Threatened BA strike spells trouble for Brown

LONDON | Tue Mar 16, 2010 4:09pm GMT

LONDON (Reuters) - The Unite labour union asked British Airways on Tuesday to return to talks to try to avert a planned cabin crew strike that is causing a pre-election headache for Prime Minister Gordon Brown.

The Labour Party is trailing the Conservatives in the opinion polls before an election expected on May 6, and a strike that would disrupt Easter holiday plans for thousands of families is the last thing Brown needs.

He has called the plan "unjustified and deplorable," urging BA and Unite to resume talks.

Unite is Labour's main financial backer, and the Conservatives have seized on the threatened strike to mount a full-scale attack on what they present as left-wing union bosses' stranglehold on a party dependent on their cash.

"BA needs this strike like a hole in the head," said Theresa Villiers, the Conservative transport chief.

"Labour's paymasters at Unite are determined to wind the clock back to the 1970s, when strikes brought this country to a standstill," she told a news conference.

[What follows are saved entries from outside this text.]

(* Let $n\ge4$ and consider $n$ agents with private types $t_i\in[0,\infty)$ and valuations $v_i(t_i,S)=|S|\cdot t_i$ for winning sets $S\ni i$ (and $0$ if $i\notin S$), and suppose the seller incurs a cost of $n$ for each copy of the good sold, so the seller's profit from winning set $S$ with prices $(p_i)_{i\in S}$ is $\sum_{i\in S}p_i-n|S|$. Then for every constant $L\ge1$ there is no universally truthful mechanism whose expected profit is at least $\frac1L\mathcal{F}^{(3)}_{\mathrm{cost}}(t)$ for every $t\in[0,\infty)^n$, where $\mathcal{F}^{(3)}_{\mathrm{cost}}(t)=\max\{(c-n)|S| : c\ge0,\ S\subseteq[n],\ |S|\ge3,\ v_i(t_i,S)\ge c\ \forall i\in S\}$. In particular, with a positive per-copy cost the competitive ratio can be unbounded.
   Context: A deterministic mechanism maps reported types to a winning set $S$ and prices $p_i$ for $i\in S$ (losers pay $0$); agent utility is $v_i(t_i,S)-p_i$ if $i\in S$, else $0$. It is truthful if reporting the true type maximizes every agent's utility for all fixed reports of the others, and individually rational if truthful agents get nonnegative utility. A universally truthful mechanism is a probability distribution over deterministic truthful, individually rational mechanisms. *)

From HB Require Import structures.
From mathcomp Require Import all_boot all_order all_algebra.
From mathcomp Require Import all_classical all_reals all_analysis.
Set Implicit Arguments. Unset Strict Implicit. Unset Printing Implicit Defensive.
Import Order.TTheory GRing.Theory Num.Theory.
Local Open Scope ring_scope.
Local Open Scope classical_set_scope.

(* A deterministic mechanism for n agents: maps a reported type profile
   to a winning set S and prices p_i (only prices of winners matter;
   losers pay 0). *)
Record mechanism (n : nat) (R : Type) := Mechanism {
  alloc : ('I_n -> R) -> {set 'I_n};
  price : ('I_n -> R) -> 'I_n -> R }.

Section Defs.
Variables (R : realType) (n : nat).

Definition valuation (i : 'I_n) (ti : R) (S : {set 'I_n}) : R :=
  if i \in S then #|S|%:R * ti else 0.

Definition utility (M : mechanism n R) (i : 'I_n) (ti : R) (r : 'I_n -> R) : R :=
  if i \in alloc M r then valuation i ti (alloc M r) - price M r i else 0.

Definition update (t : 'I_n -> R) (i : 'I_n) (x : R) : 'I_n -> R :=
  fun j => if j == i then x else t j.

Definition nonneg_profile (t : 'I_n -> R) := forall i, 0 <= t i.

Definition truthful (M : mechanism n R) : Prop :=
  forall t, nonneg_profile t -> forall (i : 'I_n) (x : R), 0 <= x ->
    utility M i (t i) (update t i x) <= utility M i (t i) t.

Definition indiv_rational (M : mechanism n R) : Prop :=
  forall t, nonneg_profile t -> forall i, 0 <= utility M i (t i) t.

Definition profit (M : mechanism n R) (t : 'I_n -> R) : R :=
  \sum_(i in alloc M t) price M t i - n%:R * #|alloc M t|%:R.

Definition Fcost3 (t : 'I_n -> R) : \bar R :=
  ereal_sup [set x : \bar R | exists (c : R) (S : {set 'I_n}),
    [/\ 0 <= c, (3 <= #|S|)%N,
        (forall i, i \in S -> c <= valuation i (t i) S) &
        x = ((c - n%:R) * #|S|%:R)%:E]].

End Defs.

(* Test the mechanisms on the constant profiles [gap_profile j], where every
   type equals [1 + gap j] with [gap j = 2^-j / n].  If fewer than [n] agents
   win, individual rationality bounds each price by [|S| (1 + 1/n)], so the
   profit is nonpositive.  If everybody wins at index [m], weak monotonicity
   keeps everybody winning at all larger profiles, and truthfulness then caps
   every price at an index [j <= m] by [n (1 + gap m)], so the profit at [j] is
   at most [n^2 gap m = n 2^-m].  Hence every deterministic truthful, IR
   mechanism satisfies [sum_(j < N) 2^j max(profit_j, 0) <= 2n].  On the other
   hand [F^(3)_cost] at index [j] is at least [n 2^-j], so an
   [L]-approximation makes each of these [N] weighted terms at least [n / L]
   in expectation, which is impossible once [N > 2L]. *)

From HB Require Import structures.
From mathcomp Require Import all_boot all_order all_algebra.
From mathcomp Require Import all_classical all_reals all_analysis.
From mathcomp Require Import measurable_realfun ring lra.
Set Implicit Arguments. Unset Strict Implicit. Unset Printing Implicit Defensive.
Import Order.TTheory GRing.Theory Num.Theory.
Local Open Scope ring_scope.
Local Open Scope classical_set_scope.

Section Profiles.
Variables (R : realType) (n : nat).
Implicit Types (t : 'I_n -> R) (i : 'I_n) (x y : R).

Lemma update_eq t i x : update t i x i = x.
Proof. by rewrite /update eqxx. Qed.

Lemma update_id t i : update t i (t i) = t.
Proof. by apply/funext => j; rewrite /update; case: eqP => // ->. Qed.

Lemma update_update t i x y : update (update t i x) i y = update t i y.
Proof. by apply/funext => j; rewrite /update; case: eqP. Qed.

Lemma nonneg_update t i x :
  nonneg_profile t -> 0 <= x -> nonneg_profile (update t i x).
Proof. by move=> t0 x0 j; rewrite /update; case: eqP. Qed.

End Profiles.

Section Truthful.
Variables (R : realType) (n : nat) (M : mechanism n R).
Implicit Types (t r : 'I_n -> R) (i : 'I_n) (x y : R).

Lemma utility_diff i x y r :
  utility M i y r - utility M i x r = valuation i (y - x) (alloc M r).
Proof.
rewrite /utility /valuation; case: (i \in alloc M r); last by rewrite subr0.
ring.
Qed.

Lemma utility_full i x r : alloc M r = [set: 'I_n]%SET ->
  utility M i x r = n%:R * x - price M r i.
Proof. by move=> full; rewrite /utility /valuation full inE cardsT card_ord. Qed.

Hypotheses (truthfulM : truthful M) (irM : indiv_rational M).

(* Weak monotonicity: add the truthfulness constraints at [t] and at [update t i y]. *)
Lemma weak_monotone t i y : nonneg_profile t -> 0 <= y ->
  valuation i (y - t i) (alloc M t) <= valuation i (y - t i) (alloc M (update t i y)).
Proof.
move=> t0 y0; have t'0 := nonneg_update i t0 y0.
have := truthfulM t0 i y0; have := truthfulM t'0 i (t0 i).
rewrite update_update update_id update_eq -!utility_diff; lra.
Qed.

Most BA cabin crew plan a three-day strike starting on Saturday, followed by a four-day walkout from March 27.

"CASH GORDON"

Unite's call to strike resulted in BA withdrawing an offer made to staff on some of the disputed points, including re-installing some crew positions that had been slated for cuts.

A Unite boss said on Tuesday the company should bring back the offer it had withdrawn.

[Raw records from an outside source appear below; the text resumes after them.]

(* Let $\lambda\in\Lambda$ and let $(\beta_1,\dots,\beta_l)$ be a reduced $\lambda$-chain of roots. If $\alpha\in\Phi$ satisfies $(\lambda,\alpha^\vee)\ge0$, then $\#\{i:\beta_i=\alpha\}=(\lambda,\alpha^\vee)$ and $\#\{i:\beta_i=-\alpha\}=0$. In particular, if $\lambda$ is dominant all $\beta_i$ are positive roots, and if $\lambda$ is antidominant all $\beta_i$ are negative roots.
   Context: $\Phi$ is an irreducible (crystallographic) root system in $\mathfrak h_{\mathbb R}^*$ with positive roots $\Phi^+$, simple roots $\alpha_1,\dots,\alpha_r$, coroots $\alpha^\vee=2\alpha/(\alpha,\alpha)$, Weyl group $W$, weight lattice $\Lambda=\{\lambda:(\lambda,\alpha^\vee)\in\mathbb Z\ \forall\alpha\}$. $\lambda$ is dominant if $(\lambda,\alpha^\vee)\ge0$ for all $\alpha\in\Phi^+$, antidominant if $-\lambda$ is dominant. For $\alpha\in\Phi,k\in\mathbb Z$: $s_{\alpha,k}(\lambda)=\lambda-((\lambda,\alpha^\vee)-k)\alpha$. $W_{\mathrm{aff}}$ is generated by $s_0=s_{\alpha_0,-1}$ and $s_i=s_{\alpha_i,0}$, where $\alpha_0=-\theta$ and $\theta^\vee$ is the highest coroot. $\bar v\in W$ is the linear part of $v\in W_{\mathrm{aff}}$ ($\bar s_{\alpha,k}=s_\alpha$). $A_\circ=\{\lambda:0<(\lambda,\alpha^\vee)<1\ \forall\alpha\in\Phi^+\}$, and $v_{-\lambda}$ is the unique element of $W_{\mathrm{aff}}$ with $v_{-\lambda}(A_\circ)=A_\circ-\lambda$. The $\lambda$-chain of roots associated with a decomposition $v_{-\lambda}=s_{i_1}\cdots s_{i_l}$ is $(\beta_1,\dots,\beta_l)$, $\beta_j=\bar s_{i_1}\cdots\bar s_{i_{j-1}}(\alpha_{i_j})$; it is reduced if the decomposition has minimal length. *)

(* the ambient space h_R^* is 'rV[R]_r with R : realType and
   the standard dot product (any finite-dim. real Euclidean space is isometric
   to this). *)
From HB Require Import structures.
From mathcomp Require Import all_boot all_order all_algebra.
From mathcomp Require Import reals.
Set Implicit Arguments. Unset Strict Implicit. Unset Printing Implicit Defensive.
Import Order.TTheory GRing.Theory Num.Theory.
Local Open Scope ring_scope.
Lemma closure_mp_cone d (D : {mpoly R[n]} -> Prop) p :
  (2 <= d)%N -> (forall q, D q -> trunc_deg 3 d q = q) ->
  closure_mp (fun q => in_cumulant_space d q /\ D (trunc_deg 3 d q)) p <->
  in_cumulant_space d p /\ closure_mp D (trunc_deg 3 d p).
Proof.
move=> d_ge2 D_trunc; split=> [cl | [cum cl] eps eps_gt0].
  split=> [m m_out | eps eps_gt0].
    apply/eqP/negPn/negP => pm_neq0; have pm_gt0 : 0 < `|p@_m| by rewrite normr_gt0.
    by have [q [[cum_q _] /(_ m)]] := cl _ pm_gt0; rewrite cum_q // subr0 ltxx.
  have [q [[_ Dq] close]] := cl eps eps_gt0; exists (trunc_deg 3 d q); split=> // m.
  by rewrite !mcoeff_trunc_deg; case: ifP; rewrite ?subrr ?normr0.
have [q [Dq close]] := cl eps eps_gt0.
have tr3 : trunc_deg 3 d (trunc_deg 1 2 p + q) = q.
  rewrite trunc_degD trunc_deg_trunc_deg (minn_idPr d_ge2).
  by rewrite trunc_deg_empty ?add0r ?D_trunc.
exists (trunc_deg 1 2 p + q); rewrite tr3; split.
  split=> //; apply/in_cumulant_spaceE.
  rewrite trunc_degD trunc_deg_trunc_deg maxnn (minn_idPr d_ge2); congr (_ + _).
  by rewrite -(D_trunc q Dq) trunc_deg_trunc_deg minnn (_ : maxn 1 3 = 3).
move=> m; rewrite -[X in `|X@_m - _|](proj1 (in_cumulant_spaceE d p) cum).
by rewrite (@trunc_deg_split _ _ 1 2 d) // !mcoeffD opprD addrACA subrr add0r.
Qed.

End CumulantCone.

Theorem lemma3p3 (R : realType) (n k d : nat) :
  (1 <= n)%N -> (1 <= k)%N -> (3 <= d)%N ->
  forall p : {mpoly R[n]},
    log_sec_homosc k d p <->
    (in_cumulant_space d p /\ C0 k d (trunc_deg 3 d p)).
Proof.
move=> _ _ d_ge3 p; have d_ge2 : (2 <= d)%N := ltnW d_ge3.
have phi_trunc (q : {mpoly R[n]}) : dirac_cumulant_set k d q -> trunc_deg 3 d q = q.
  by move=> [c [lam [_ ->]]]; rewrite trunc_deg_trunc_deg maxnn minnn.
apply: (iff_trans _ (closure_mp_cone p d_ge2 phi_trunc)).
by apply: eq_closure_mp => q; apply: homosc_cumulant_setE.
Qed.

"What we need to do is put the offer on the table, let's get 100 percent of these flights flying and get serious negotiations off the ground again and I make that offer publicly," the union's Joint General Secretary Tony Woodley told BBC Radio 4.

A BA spokesman dismissed Woodley's comments, saying Unite had already rejected the management offer three times.

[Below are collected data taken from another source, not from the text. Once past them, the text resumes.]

(* The algebra PL_n, with the element k/n (0 <= k <= n) encoded by k. *)
Definition odotL (n k l : nat) : nat := (k + l - n)%N.   (* max{0, x+y-1} *)
Definition oplusL (n k l : nat) : nat := minn n (k + l). (* min{1, x+y}   *)

Fixpoint evalL (n : nat) (v : nat -> nat) (t : term) : nat :=
  match t with
  | tVar i => v i
  | tZero => 0%N
  | tOne => n
  | tMeet s u => minn (evalL n v s) (evalL n v u)
  | tJoin s u => maxn (evalL n v s) (evalL n v u)
  | tOdot s u => odotL n (evalL n v s) (evalL n v u)
  | tOplus s u => oplusL n (evalL n v s) (evalL n v u)
  end.

Definition PL_identity (n : nat) (s t : term) : Prop :=
  forall v : nat -> nat, (forall i, v i <= n)%N -> evalL n v s = evalL n v t.

(* A belongs to PMV_n, the variety generated by PL_n, i.e. A satisfies
   every identity valid in PL_n. *)
Definition in_PMV (n : nat) (A : pmvAlg) : Prop :=
  forall s t : term, PL_identity n s t ->
    forall v : nat -> A, eval v s = eval v t.

Definition skel (A : pmvAlg) : Type := {a : A | poplus a a = a}.

(* Points of the Priestley dual DL(S(A), 2): bounded lattice homs
   S(A) -> 2, the operations of S(A) being those of A restricted. *)
Definition skel_dual (A : pmvAlg) (x : skel A -> bool) : Prop :=
  [/\ forall s t u : skel A, sval u = pmeet (sval s) (sval t) -> x u = x s && x t,
      forall s t u : skel A, sval u = pjoin (sval s) (sval t) -> x u = x s || x t,
      forall u : skel A, sval u = pzero A -> x u = false &
      forall u : skel A, sval u = pone A -> x u = true].

Definition lat_dual (d : Order.disp_t) (L : tbDistrLatticeType d)
    (x : L -> bool) : Prop :=
  [/\ forall a b : L, x (a `&` b) = x a && x b,
      forall a b : L, x (a `|` b) = x a || x b,
      x \bot = false & x \top = true].

(* Priestley powers PL_n[L].  The dual space is the set of x : T -> bool *)
(* satisfying D, with the pointwise order and the subspace topology of    *)
(* the product topology on 2^T.  An element of PL_n[L] is represented by  *)
(* a function phi : (T -> bool) -> nat whose restriction to the dual      *)
(* space is meant (values k <= n encode k/n); two such are equal as       *)
(* elements iff they agree on the dual space.                             *)
(* Continuity into a discrete space = every point has a basic (cylinder)  *)
(* neighbourhood, determined by finitely many coordinates, on which phi   *)
(* is constant.                                                           *)
Definition in_PP (n : nat) (T : Type) (D : (T -> bool) -> Prop)
    (phi : (T -> bool) -> nat) : Prop :=
  [/\ forall x, D x -> (phi x <= n)%N,
      forall x y, D x -> D y -> (forall a, x a ==> y a) -> (phi x <= phi y)%N &
      forall x, D x -> exists s : list T, forall y, D y ->
          (forall a, List.In a s -> y a = x a) -> phi y = phi x].

Definition PP_eq (T : Type) (D : (T -> bool) -> Prop)
    (phi psi : (T -> bool) -> nat) : Prop :=
  forall x, D x -> phi x = psi x.

Definition PP_hom (n : nat) (A : pmvAlg) (T : Type) (D : (T -> bool) -> Prop)
    (f : A -> (T -> bool) -> nat) : Prop :=
  (forall a, in_PP n D (f a)) /\
  (forall x, D x ->
    [/\ forall a b, f (pmeet a b) x = minn (f a x) (f b x),
        forall a b, f (pjoin a b) x = maxn (f a x) (f b x),
        forall a b, f (podot a b) x = odotL n (f a x) (f b x) &
        forall a b, f (poplus a b) x = oplusL n (f a x) (f b x)] /\
    f (pzero A) x = 0%N /\ f (pone A) x = n).

Definition skel_lat_hom (A : pmvAlg) (d : Order.disp_t)
    (L : tbDistrLatticeType d) (g : skel A -> L) : Prop :=
  [/\ forall s t u : skel A, sval u = pmeet (sval s) (sval t) -> g u = g s `&` g t,
      forall s t u : skel A, sval u = pjoin (sval s) (sval t) -> g u = g s `|` g t,
      forall u : skel A, sval u = pzero A -> g u = \bot &
      forall u : skel A, sval u = pone A -> g u = \top].

(* eta : A -> PL_n[S(A)] is a universal arrow from A to the functor P:
   for every bounded distributive lattice L and homomorphism
   f : A -> PL_n[L] there is a unique lattice hom g : S(A) -> L with
   f = P(g) o eta, where P(g)(phi) = phi o DL(g,2), i.e.
   P(g)(phi)(y) = phi (y o g).  This is what it means for eta to be
   (the A-component of) the unit of S -| P. *)
Definition is_unit (n : nat) (A : pmvAlg)
    (eta : A -> (skel A -> bool) -> nat) : Prop :=
  PP_hom n (@skel_dual A) eta /\
  forall (d : Order.disp_t) (L : tbDistrLatticeType d)
         (f : A -> (L -> bool) -> nat),
    PP_hom n (@lat_dual d L) f ->
    exists g : skel A -> L,
      [/\ skel_lat_hom g,
          forall a y, lat_dual y -> f a y = eta a (fun s => y (g s)) &
          forall g' : skel A -> L, skel_lat_hom g' ->
            (forall a y, lat_dual y -> f a y = eta a (fun s => y (g' s))) ->
            forall s, g' s = g s].

From HB Require Import structures.
From mathcomp Require Import all_boot all_order zify.
From mathcomp Require Import boolp classical_sets.

(* For 0 < k <= n there is a unary term tau_k that computes in PL_n the
   indicator of [k/n, 1].  Since A satisfies every identity
   of PL_n, the tau_k a are idempotent, the skeleton S(A) is a bounded
   distributive lattice, and identities relating tau_k with the operations
   make  eta a x := #{k | tau_k a \in x}  a homomorphism A -> PL_n[S(A)].
   The family (tau_k a)_k determines a, and prime filters separate
   the points of S(A), so eta is injective.  Conversely, for a homomorphism
   f : A -> PL_n[L], the top level set of f s (s idempotent) is a clopen
   up-set of the dual of L; by compactness it is the set of prime filters
   containing a unique g s, and g is the required lattice homomorphism. *)

Set Implicit Arguments.
Unset Strict Implicit.
Unset Printing Implicit Defensive.

Import Order.TTheory.

Lemma InP (T : eqType) (x : T) (s : seq T) : reflect (List.In x s) (x \in s).
Proof.
elim: s => [|y s IH] /=; first by constructor.
by rewrite inE; apply: (iffP orP) => [[/eqP -> | /IH] | [-> | /IH]]; auto.
Qed.

Section Compactness.
Variable X : eqType.
Implicit Types (p : seq (X * bool)) (y z : X -> bool).

Definition fits p z := all (fun u => z u.1 == u.2) p.

Lemma fits_graph y s : fits [seq (a, y a) | a <- s] y.
Proof. by apply/allP => _ /mapP [a _ ->] /=. Qed.

Section Lindenbaum.
Local Open Scope classical_set_scope.
Variable consistent : seq (X * bool) -> Prop.
Hypothesis consistent_sub : forall p q, {subset q <= p} -> consistent p -> consistent q.
Hypothesis consistent_split : forall p a,
  consistent p -> consistent ((a, true) :: p) \/ consistent ((a, false) :: p).
Hypothesis consistent_nil : consistent [::].

Let good (S : set (X * bool)) := forall p, (forall u, u \in p -> S u) -> consistent p.

Let chain_bounded (F : set (set (X * bool))) p : total_on F subset ->
  (forall u, u \in p -> (\bigcup_(S in F) S) u) ->
  p = [::] \/ exists2 S, F S & forall u, u \in p -> S u.
Proof.
move=> Ftot; elim: p => [|u p IH] p_sub; first by left.
right; have [S FS Su] := p_sub u (mem_head _ _).
case: IH => [v vp | -> | [S' FS' pS']]; first by apply: p_sub; rewrite inE vp orbT.
  by exists S => // v; rewrite inE => /eqP ->.
case: (Ftot S S' FS FS') => [SS' | S'S].
- by exists S' => // v; rewrite inE => /predU1P [-> | /pS'//]; apply: SS'.
- by exists S => // v; rewrite inE => /predU1P [-> | /pS'/S'S].
Qed.

Let good_total S : good S -> (forall T, S `<` T -> ~ good T) ->
  forall a, S (a, true) \/ S (a, false).
Proof.
move=> goodS maxS a; apply: contrapT => /not_orP [nSt nSf].
have bad b : ~ S (a, b) ->
    exists2 p, (forall u, u \in p -> S u \/ u = (a, b)) & ~ consistent p.
  move=> nS; apply: contrapT => all_cons; apply: (maxS (S `|` [set (a, b)])).
    by split => [u Su | /(_ (a, b)) BA]; [left | apply/nS/BA; right].
  by move=> p p_sub; apply: contrapT => np; apply: all_cons; exists p.
have [[p1 sub1 nc1] [p2 sub2 nc2]] := (bad true nSt, bad false nSf).
pose q := [seq u <- p1 ++ p2 | `[< S u >]].
have qS u : u \in q -> S u by rewrite mem_filter => /andP [/asboolP].
have sub_q b p : {subset p <= p1 ++ p2} ->
    (forall u, u \in p -> S u \/ u = (a, b)) -> {subset p <= (a, b) :: q}.
  move=> pp sp u up; rewrite inE; case: (sp u up) => [Su | ->]; last by rewrite eqxx.
  by apply/orP; right; rewrite mem_filter (pp u up) andbT; apply/asboolP.
case: (consistent_split a (goodS q qS)) => [ct | cf].
- by apply: nc1; apply: consistent_sub ct; apply: sub_q sub1 => u; rewrite mem_cat => ->.
- by apply: nc2; apply: consistent_sub cf; apply: sub_q sub2 => u; rewrite mem_cat orbC => ->.
Qed.

Lemma consistent_assignment : exists y, forall p, fits p y -> consistent p.
Proof.
have [S [goodS maxS]] : exists S, good S /\ forall T, S `<` T -> ~ good T.
  apply: Zorn_bigcup => F Fgood Ftot p p_sub.
  by case: (chain_bounded Ftot p_sub) => [-> // | [S FS pS]]; apply: Fgood FS p pS.
have total := good_total goodS maxS.
exists (fun a => `[< S (a, true) >]) => p /allP fits_p.
apply: goodS => -[a b] /fits_p /eqP /=.
by case: b => [/asboolP // | /asboolPn nS]; case: (total a).
Qed.

End Lindenbaum.

(* The sets [fits p] are the basic clopen sets of the product topology on
   [X -> bool]. *)
Definition product_closed (K : (X -> bool) -> Prop) :=
  forall y, ~ K y -> exists2 p, fits p y & forall z, fits p z -> ~ K z.

Lemma compact_cover (K : (X -> bool) -> Prop) (U : X -> Prop) (b : bool) :
  product_closed K -> (forall y, K y -> exists2 a, U a & y a = b) ->
  exists2 s : seq X, (forall a, a \in s -> U a) & forall y, K y -> exists2 a, a \in s & y a = b.
Proof.
move=> K_closed K_sub; apply: contrapT => no_cover.
pose covers s p := forall z, K z -> fits p z -> has (fun a => z a == b) s.
pose consistent p := forall s, (forall a, a \in s -> U a) -> ~ covers s p.
have [y yP] : exists y, forall p, fits p y -> consistent p.
  apply: consistent_assignment.
  - move=> p q qp cp s sU covs; apply: (cp s sU) => z Kz /allP fz.
    by apply: covs => //; apply/allP => u /qp /fz.
  - move=> p a cp; apply: contrapT => /not_orP [].
    move=> /existsNP [s1 /not_implyP [U1 /contrapT cov1]].
    move=> /existsNP [s2 /not_implyP [U2 /contrapT cov2]].
    apply: (cp (s1 ++ s2)) => [u | z Kz fz]; first by rewrite mem_cat => /orP [/U1 | /U2].
    rewrite has_cat; case za: (z a); [rewrite cov1 | rewrite cov2 ?orbT] => //=;
      by rewrite za eqxx.
  - move=> s sU covs; apply: no_cover; exists s => // y Ky.
    by have /hasP [a sa /eqP] := covs y Ky isT; exists a.
have Ky : K y.
  apply: contrapT => nKy; have [p py pK] := K_closed y nKy.
  by apply: (yP p py [::]) => // z Kz /pK.
have [a Ua ya] := K_sub y Ky.
apply: (yP [:: (a, b)] _ [:: a]) => [|u | z _]; first by rewrite /fits /= ya eqxx.
  by rewrite inE => /eqP ->.
by rewrite /fits /= andbT orbF.
Qed.

End Compactness.

Section PrimeFilters.
Variables (d : Order.disp_t) (L : tbDistrLatticeType d).
Local Open Scope order_scope.
Implicit Types (a b : L) (y : L -> bool).

Lemma lat_dual_le y a b : lat_dual y -> a <= b -> y a -> y b.
Proof. by case=> yI _ _ _ /meet_idPl <-; rewrite yI => /andP []. Qed.

Lemma lat_dual_meets y (s : seq L) : lat_dual y -> y (\meet_(a <- s) a) = all y s.
Proof. by case=> yI _ _ y1; elim: s => [|a s IH]; rewrite ?big_nil ?big_cons //= yI IH. Qed.

Lemma lat_dual_joins y (s : seq L) : lat_dual y -> y (\join_(a <- s) a) = has y s.
Proof. by case=> _ yU y0 _; elim: s => [|a s IH]; rewrite ?big_nil ?big_cons //= yU IH. Qed.

Let entails y := forall P N : seq L,
  \meet_(u <- P) u <= \join_(u <- N) u -> all y P -> has y N.

Let lat_dual_entails y : entails y -> lat_dual y.
Proof.
move=> ent.
have y_le u v : u <= v -> y u -> y v.
  move=> le_uv yu; have := ent [:: u] [:: v].
  by rewrite !big_cons !big_nil meetx1 joinx0 /= yu orbF; apply.
split.
- move=> u v; apply/idP/andP => [yuv | [yu yv]].
    by split; apply: y_le yuv; [apply: leIl | apply: leIr].
  have := ent [:: u; v] [:: u `&` v].
  by rewrite !big_cons !big_nil meetx1 joinx0 /= yu yv orbF; apply.
- move=> u v; apply/idP/orP => [yuv | [yu | yv]].
  + have := ent [:: u `|` v] [:: u; v].
    by rewrite !big_cons !big_nil meetx1 joinx0 /= yuv orbF => /(_ (lexx _) isT)/orP.
  + exact: y_le (leUl u v) yu.
  + exact: y_le (leUr v u) yv.
- case y0: (y \bot) => //; have := ent [:: \bot] [::].
  by rewrite !big_cons !big_nil meetx1 /= y0 => /(_ (lexx _) isT).
- by have := ent [::] [:: \top]; rewrite !big_cons !big_nil joinx0 /= orbF; apply.
Qed.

"The union has been threatening strikes at British Airways for months. Our business is being continually damaged by uncertainty, and Unite is now seeking to create more.

"We have a business to run and customers who want to be flown to their destinations," the spokesman said.

Regardless of whether or not talks resume between BA and Unite, the Conservatives are determined to broaden the issue into a vitriolic attack on Labour's links with unions.

They launched a billboard campaign entitled "Cash Gordon," featuring a picture of the prime minister clutching a fistful of bank notes behind his back.

"Unite are funding Brown's election campaign. What will he give them in return?" the billboards read.

The Conservatives have faced uncomfortable questions on their own funding since one of their biggest donors, millionaire businessman Michael Ashcroft, revealed on March 1 he was not based in Britain for tax purposes.